Items listed in a dataset:
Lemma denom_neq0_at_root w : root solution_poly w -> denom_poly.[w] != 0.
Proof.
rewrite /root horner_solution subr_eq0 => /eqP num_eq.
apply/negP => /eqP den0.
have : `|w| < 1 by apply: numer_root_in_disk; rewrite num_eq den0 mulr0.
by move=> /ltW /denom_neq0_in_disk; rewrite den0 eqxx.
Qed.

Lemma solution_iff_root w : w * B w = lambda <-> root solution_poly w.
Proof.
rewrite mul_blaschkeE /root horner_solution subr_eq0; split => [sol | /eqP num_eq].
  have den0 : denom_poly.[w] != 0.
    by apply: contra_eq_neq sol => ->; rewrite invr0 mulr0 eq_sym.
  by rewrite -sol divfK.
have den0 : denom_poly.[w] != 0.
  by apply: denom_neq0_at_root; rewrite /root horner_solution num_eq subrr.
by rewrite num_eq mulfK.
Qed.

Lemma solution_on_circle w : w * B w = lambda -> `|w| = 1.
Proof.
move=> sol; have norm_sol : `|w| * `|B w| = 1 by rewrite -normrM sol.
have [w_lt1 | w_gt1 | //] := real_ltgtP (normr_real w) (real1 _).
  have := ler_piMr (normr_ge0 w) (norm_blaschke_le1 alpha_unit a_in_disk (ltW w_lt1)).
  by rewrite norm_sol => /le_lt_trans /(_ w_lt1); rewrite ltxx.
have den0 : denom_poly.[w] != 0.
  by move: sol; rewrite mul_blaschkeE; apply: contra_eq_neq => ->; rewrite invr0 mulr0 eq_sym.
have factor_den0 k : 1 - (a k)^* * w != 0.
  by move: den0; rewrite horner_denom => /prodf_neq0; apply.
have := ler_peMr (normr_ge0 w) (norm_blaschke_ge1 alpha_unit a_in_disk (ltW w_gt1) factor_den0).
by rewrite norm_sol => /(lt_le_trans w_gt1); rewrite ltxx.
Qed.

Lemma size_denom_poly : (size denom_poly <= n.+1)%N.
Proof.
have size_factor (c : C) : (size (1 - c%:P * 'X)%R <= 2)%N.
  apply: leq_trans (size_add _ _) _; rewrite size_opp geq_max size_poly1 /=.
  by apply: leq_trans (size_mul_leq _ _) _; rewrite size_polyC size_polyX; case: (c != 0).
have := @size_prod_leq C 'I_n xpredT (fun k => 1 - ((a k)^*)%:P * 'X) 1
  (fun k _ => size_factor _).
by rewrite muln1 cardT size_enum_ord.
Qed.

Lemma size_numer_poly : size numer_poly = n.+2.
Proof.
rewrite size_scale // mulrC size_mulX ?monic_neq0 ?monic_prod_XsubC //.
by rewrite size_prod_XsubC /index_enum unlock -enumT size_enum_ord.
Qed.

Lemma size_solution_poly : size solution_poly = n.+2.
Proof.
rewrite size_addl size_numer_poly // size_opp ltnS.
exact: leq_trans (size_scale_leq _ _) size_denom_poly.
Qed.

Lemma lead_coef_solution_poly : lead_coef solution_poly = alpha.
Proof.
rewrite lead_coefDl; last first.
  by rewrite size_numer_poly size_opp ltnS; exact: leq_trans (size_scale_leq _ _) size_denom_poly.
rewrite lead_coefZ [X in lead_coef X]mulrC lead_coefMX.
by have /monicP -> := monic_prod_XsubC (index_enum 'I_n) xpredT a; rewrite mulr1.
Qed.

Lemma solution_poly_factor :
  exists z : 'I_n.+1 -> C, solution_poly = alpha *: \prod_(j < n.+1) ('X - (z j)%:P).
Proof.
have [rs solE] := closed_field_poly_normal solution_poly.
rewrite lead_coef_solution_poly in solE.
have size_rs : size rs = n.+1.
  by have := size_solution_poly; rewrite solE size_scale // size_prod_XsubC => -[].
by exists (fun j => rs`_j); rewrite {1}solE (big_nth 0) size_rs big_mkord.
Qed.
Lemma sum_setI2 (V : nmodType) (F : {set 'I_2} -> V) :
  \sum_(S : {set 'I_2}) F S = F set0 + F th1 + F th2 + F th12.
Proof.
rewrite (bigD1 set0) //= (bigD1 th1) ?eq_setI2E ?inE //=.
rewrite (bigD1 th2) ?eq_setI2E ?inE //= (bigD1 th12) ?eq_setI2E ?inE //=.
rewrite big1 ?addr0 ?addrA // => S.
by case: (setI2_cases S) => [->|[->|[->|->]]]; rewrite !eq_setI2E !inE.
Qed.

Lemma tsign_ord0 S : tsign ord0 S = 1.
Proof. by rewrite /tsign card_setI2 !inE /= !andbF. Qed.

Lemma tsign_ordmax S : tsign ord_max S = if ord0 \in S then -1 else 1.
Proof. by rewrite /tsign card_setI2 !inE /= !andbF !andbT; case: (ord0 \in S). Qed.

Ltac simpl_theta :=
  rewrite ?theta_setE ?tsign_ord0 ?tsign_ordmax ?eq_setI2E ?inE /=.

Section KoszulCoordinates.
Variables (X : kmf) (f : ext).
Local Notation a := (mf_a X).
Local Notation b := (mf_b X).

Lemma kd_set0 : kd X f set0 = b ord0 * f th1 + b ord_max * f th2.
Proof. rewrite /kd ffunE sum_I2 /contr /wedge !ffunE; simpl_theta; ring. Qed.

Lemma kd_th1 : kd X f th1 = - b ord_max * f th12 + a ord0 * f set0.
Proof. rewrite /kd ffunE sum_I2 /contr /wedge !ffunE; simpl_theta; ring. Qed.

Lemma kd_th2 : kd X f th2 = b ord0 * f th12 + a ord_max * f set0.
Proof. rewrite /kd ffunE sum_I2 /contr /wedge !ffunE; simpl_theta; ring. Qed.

==

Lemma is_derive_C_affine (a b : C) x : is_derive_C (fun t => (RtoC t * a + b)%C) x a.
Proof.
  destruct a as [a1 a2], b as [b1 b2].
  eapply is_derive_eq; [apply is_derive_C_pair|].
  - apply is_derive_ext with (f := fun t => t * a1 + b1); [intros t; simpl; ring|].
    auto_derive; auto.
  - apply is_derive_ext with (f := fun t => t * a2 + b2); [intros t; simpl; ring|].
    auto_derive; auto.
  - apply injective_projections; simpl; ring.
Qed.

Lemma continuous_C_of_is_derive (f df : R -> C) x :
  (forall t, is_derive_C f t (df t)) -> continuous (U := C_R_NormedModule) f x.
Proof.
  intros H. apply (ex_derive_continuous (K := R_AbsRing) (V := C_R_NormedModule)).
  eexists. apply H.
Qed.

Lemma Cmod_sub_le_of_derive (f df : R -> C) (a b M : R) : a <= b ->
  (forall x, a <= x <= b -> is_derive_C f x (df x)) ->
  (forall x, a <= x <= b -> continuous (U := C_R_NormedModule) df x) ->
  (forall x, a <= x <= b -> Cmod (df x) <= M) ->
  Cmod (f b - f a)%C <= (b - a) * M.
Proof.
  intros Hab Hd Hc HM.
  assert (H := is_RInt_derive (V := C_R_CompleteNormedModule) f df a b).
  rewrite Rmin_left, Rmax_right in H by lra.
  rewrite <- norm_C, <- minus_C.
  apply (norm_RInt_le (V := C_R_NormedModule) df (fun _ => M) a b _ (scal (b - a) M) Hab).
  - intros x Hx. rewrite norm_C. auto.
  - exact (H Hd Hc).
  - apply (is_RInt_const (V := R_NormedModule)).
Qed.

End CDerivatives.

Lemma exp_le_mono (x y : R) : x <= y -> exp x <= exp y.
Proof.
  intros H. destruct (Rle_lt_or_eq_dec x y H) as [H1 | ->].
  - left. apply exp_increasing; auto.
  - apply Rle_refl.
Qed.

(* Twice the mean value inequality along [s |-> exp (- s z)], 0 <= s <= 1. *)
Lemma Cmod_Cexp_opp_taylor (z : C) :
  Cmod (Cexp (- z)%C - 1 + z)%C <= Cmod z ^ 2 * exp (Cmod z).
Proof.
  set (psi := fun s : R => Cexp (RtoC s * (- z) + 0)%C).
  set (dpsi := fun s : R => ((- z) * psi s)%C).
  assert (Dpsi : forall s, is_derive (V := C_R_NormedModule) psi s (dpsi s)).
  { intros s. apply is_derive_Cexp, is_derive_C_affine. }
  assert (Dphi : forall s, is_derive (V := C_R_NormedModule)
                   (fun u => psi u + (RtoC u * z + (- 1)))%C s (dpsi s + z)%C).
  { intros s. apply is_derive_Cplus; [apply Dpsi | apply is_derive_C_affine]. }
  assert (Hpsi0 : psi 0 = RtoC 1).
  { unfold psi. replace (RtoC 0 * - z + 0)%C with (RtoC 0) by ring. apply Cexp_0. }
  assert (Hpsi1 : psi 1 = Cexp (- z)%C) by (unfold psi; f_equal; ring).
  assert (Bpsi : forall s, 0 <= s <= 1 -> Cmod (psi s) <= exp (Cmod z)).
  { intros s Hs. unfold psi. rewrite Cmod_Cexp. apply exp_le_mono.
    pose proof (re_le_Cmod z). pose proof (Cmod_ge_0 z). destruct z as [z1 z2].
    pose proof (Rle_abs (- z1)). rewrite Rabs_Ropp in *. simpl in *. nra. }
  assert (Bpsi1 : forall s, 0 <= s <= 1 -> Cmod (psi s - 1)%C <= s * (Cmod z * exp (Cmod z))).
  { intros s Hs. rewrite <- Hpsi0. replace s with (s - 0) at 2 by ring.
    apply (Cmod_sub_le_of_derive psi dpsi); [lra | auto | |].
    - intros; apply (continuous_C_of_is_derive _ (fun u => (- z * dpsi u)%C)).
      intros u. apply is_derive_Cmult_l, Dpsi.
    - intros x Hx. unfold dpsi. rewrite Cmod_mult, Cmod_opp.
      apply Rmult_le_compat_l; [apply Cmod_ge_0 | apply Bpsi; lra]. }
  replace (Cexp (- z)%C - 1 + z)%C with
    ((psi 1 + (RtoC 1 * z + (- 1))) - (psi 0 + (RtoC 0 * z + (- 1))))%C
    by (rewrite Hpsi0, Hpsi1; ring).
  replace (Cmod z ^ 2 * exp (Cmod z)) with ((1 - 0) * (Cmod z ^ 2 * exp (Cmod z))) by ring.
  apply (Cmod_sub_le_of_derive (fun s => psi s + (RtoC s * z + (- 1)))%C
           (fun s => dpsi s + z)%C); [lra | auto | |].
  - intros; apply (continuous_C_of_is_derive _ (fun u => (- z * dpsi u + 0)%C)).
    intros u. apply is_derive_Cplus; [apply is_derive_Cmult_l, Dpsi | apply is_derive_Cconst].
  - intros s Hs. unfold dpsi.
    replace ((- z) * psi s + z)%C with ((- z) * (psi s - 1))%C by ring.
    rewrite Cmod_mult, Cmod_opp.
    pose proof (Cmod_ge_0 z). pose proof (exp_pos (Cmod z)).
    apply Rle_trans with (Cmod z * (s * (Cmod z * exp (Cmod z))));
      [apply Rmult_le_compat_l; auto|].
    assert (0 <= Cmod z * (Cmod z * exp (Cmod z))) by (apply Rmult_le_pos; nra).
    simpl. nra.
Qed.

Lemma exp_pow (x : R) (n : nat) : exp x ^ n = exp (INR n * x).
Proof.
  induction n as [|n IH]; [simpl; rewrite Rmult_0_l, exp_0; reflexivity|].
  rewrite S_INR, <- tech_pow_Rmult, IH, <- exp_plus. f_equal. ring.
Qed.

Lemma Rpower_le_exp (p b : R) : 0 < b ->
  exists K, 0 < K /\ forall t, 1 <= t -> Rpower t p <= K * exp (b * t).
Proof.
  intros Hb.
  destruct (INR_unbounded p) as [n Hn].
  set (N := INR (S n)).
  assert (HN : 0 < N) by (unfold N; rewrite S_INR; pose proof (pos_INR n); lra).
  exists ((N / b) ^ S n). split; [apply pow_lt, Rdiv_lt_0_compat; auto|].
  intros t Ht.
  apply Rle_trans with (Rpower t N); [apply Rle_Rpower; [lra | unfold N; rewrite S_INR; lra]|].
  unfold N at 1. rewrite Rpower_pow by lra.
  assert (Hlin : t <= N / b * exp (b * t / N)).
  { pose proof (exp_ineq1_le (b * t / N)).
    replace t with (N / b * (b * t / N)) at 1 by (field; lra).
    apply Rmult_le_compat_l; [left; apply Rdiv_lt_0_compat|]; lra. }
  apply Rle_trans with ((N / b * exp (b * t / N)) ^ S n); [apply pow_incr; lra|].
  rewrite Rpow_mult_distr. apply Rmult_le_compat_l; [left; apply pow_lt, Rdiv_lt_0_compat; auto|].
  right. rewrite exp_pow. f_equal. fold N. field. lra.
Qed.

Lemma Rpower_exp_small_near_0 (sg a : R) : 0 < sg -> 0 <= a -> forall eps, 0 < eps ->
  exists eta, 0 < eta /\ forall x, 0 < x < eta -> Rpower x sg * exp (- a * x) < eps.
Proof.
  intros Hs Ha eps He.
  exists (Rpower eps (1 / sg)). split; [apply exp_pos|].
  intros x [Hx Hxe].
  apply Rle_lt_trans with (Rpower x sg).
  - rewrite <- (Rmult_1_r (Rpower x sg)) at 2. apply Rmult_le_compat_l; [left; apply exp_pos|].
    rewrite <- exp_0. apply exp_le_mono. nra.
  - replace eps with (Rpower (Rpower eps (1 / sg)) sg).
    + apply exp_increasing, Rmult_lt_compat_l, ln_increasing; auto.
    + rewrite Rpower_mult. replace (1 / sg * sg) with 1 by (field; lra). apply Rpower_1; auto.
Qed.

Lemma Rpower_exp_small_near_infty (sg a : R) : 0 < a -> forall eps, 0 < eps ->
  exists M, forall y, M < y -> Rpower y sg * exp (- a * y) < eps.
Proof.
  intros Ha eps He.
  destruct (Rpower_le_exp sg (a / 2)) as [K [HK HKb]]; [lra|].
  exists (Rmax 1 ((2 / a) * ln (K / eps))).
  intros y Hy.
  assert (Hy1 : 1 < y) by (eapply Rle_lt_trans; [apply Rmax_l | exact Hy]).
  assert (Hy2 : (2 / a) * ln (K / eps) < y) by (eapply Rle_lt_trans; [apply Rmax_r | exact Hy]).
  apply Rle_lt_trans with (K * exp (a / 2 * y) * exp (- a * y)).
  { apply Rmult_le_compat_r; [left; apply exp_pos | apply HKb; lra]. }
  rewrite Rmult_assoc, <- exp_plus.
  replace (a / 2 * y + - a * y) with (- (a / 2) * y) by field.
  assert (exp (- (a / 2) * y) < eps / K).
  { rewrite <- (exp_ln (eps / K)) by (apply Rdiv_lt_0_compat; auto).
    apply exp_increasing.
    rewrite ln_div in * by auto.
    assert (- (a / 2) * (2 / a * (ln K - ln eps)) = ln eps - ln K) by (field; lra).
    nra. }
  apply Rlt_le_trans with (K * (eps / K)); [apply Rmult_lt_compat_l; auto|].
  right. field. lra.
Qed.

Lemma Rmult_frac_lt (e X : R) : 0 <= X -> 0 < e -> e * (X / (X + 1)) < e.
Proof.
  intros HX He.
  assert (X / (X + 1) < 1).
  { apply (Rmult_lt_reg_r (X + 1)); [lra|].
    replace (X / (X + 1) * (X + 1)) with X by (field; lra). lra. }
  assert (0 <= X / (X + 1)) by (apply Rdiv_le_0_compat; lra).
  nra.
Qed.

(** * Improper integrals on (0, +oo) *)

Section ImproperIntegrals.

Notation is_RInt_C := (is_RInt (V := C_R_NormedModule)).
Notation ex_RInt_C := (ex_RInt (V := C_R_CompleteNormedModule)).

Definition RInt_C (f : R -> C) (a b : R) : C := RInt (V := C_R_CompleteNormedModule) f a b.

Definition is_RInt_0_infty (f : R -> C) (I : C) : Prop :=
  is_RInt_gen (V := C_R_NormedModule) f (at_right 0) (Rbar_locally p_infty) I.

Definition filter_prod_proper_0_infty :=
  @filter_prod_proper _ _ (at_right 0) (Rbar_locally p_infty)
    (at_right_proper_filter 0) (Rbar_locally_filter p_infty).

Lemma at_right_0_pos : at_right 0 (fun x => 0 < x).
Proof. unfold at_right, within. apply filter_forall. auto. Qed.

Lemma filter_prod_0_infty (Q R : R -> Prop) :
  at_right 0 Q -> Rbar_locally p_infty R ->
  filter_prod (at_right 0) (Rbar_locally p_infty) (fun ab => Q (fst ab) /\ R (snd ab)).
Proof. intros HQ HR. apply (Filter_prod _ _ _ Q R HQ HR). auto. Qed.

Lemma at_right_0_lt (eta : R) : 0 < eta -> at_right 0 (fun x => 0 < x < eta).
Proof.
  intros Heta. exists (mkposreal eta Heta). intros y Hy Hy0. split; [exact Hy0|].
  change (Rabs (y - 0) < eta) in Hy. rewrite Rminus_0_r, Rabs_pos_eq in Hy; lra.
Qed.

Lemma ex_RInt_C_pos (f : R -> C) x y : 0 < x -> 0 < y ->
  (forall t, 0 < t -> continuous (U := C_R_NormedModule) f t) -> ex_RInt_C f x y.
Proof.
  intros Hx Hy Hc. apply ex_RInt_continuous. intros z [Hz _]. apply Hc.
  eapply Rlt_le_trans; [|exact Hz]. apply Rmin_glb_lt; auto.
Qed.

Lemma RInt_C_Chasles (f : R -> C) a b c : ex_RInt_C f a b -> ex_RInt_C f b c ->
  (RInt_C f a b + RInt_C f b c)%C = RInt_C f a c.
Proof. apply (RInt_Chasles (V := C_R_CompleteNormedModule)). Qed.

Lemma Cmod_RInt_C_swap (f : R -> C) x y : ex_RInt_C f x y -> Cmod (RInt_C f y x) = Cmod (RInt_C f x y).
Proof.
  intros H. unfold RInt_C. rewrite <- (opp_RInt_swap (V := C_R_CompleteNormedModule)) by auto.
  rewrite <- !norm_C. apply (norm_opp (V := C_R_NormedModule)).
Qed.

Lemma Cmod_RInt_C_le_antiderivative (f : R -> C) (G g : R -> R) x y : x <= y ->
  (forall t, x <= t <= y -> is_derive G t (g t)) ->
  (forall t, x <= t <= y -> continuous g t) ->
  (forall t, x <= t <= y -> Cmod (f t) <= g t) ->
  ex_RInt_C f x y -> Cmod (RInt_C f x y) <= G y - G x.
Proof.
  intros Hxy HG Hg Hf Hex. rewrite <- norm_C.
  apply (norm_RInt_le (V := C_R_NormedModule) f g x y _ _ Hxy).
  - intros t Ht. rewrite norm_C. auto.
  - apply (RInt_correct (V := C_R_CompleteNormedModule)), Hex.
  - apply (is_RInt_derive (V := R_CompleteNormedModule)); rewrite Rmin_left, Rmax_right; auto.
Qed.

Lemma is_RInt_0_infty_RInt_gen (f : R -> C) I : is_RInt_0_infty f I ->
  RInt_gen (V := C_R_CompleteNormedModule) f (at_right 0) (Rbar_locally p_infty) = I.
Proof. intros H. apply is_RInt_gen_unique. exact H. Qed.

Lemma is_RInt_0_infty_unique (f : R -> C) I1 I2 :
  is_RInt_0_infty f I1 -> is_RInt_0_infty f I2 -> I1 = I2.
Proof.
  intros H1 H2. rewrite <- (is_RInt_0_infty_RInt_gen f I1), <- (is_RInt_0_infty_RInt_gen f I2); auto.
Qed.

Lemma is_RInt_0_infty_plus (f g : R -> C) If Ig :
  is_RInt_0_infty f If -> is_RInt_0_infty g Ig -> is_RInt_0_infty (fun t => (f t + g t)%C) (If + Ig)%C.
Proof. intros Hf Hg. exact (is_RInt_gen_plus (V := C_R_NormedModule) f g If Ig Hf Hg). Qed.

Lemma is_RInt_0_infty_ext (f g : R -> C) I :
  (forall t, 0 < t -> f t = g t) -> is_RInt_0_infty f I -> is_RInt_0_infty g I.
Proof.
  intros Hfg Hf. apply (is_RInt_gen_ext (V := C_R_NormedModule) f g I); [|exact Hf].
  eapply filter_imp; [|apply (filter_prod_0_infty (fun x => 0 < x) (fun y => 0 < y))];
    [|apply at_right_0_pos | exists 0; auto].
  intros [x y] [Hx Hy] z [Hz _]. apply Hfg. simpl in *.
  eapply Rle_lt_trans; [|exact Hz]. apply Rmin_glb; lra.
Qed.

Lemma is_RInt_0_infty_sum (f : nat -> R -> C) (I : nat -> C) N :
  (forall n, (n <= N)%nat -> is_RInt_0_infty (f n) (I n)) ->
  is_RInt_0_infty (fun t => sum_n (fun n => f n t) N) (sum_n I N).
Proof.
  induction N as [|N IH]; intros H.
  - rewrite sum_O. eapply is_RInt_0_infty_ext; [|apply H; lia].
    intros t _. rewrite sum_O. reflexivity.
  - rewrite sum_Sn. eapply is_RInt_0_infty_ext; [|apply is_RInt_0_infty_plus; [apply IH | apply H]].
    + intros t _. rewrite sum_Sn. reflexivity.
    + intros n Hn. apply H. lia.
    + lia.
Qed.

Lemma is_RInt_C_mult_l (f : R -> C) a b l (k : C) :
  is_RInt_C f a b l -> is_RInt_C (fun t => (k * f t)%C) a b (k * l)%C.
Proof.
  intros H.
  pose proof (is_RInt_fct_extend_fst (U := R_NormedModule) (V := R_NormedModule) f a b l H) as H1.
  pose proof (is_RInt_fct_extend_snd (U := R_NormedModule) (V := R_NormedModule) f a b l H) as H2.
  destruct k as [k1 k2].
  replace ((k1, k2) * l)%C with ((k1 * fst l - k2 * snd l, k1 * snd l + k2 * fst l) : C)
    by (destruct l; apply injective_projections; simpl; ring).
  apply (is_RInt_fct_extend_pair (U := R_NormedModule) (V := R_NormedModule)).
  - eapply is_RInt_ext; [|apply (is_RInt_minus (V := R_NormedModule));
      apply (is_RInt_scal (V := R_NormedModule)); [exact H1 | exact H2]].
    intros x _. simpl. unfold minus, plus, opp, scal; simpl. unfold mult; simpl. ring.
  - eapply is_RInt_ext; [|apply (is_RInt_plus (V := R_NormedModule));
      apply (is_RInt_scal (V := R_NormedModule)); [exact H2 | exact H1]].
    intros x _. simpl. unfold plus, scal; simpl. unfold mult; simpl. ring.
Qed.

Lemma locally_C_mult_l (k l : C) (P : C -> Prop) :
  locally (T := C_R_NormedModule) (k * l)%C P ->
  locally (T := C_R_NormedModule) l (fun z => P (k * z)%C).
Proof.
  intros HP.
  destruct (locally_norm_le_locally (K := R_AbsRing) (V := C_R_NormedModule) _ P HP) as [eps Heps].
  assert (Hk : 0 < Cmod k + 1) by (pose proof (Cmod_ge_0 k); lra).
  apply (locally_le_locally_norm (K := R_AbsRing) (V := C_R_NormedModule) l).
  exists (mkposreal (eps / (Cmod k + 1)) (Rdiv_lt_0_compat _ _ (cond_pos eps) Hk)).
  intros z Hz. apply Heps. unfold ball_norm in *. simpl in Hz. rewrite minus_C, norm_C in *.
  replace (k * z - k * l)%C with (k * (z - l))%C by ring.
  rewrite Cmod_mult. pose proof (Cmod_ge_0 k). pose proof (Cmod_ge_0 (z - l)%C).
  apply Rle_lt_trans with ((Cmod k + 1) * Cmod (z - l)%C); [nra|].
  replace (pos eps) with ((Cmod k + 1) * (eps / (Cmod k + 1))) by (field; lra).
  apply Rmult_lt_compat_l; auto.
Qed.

◆ EXERCISE OBJECTIVE
Look through the entries above and copy each line that has "mkposreal" in it.

◆ ANSWER SPACE
  intros Heta. exists (mkposreal eta Heta). intros y Hy Hy0. split; [exact Hy0|].
  exists (mkposreal (eps / (Cmod k + 1)) (Rdiv_lt_0_compat _ _ (cond_pos eps) Hk)).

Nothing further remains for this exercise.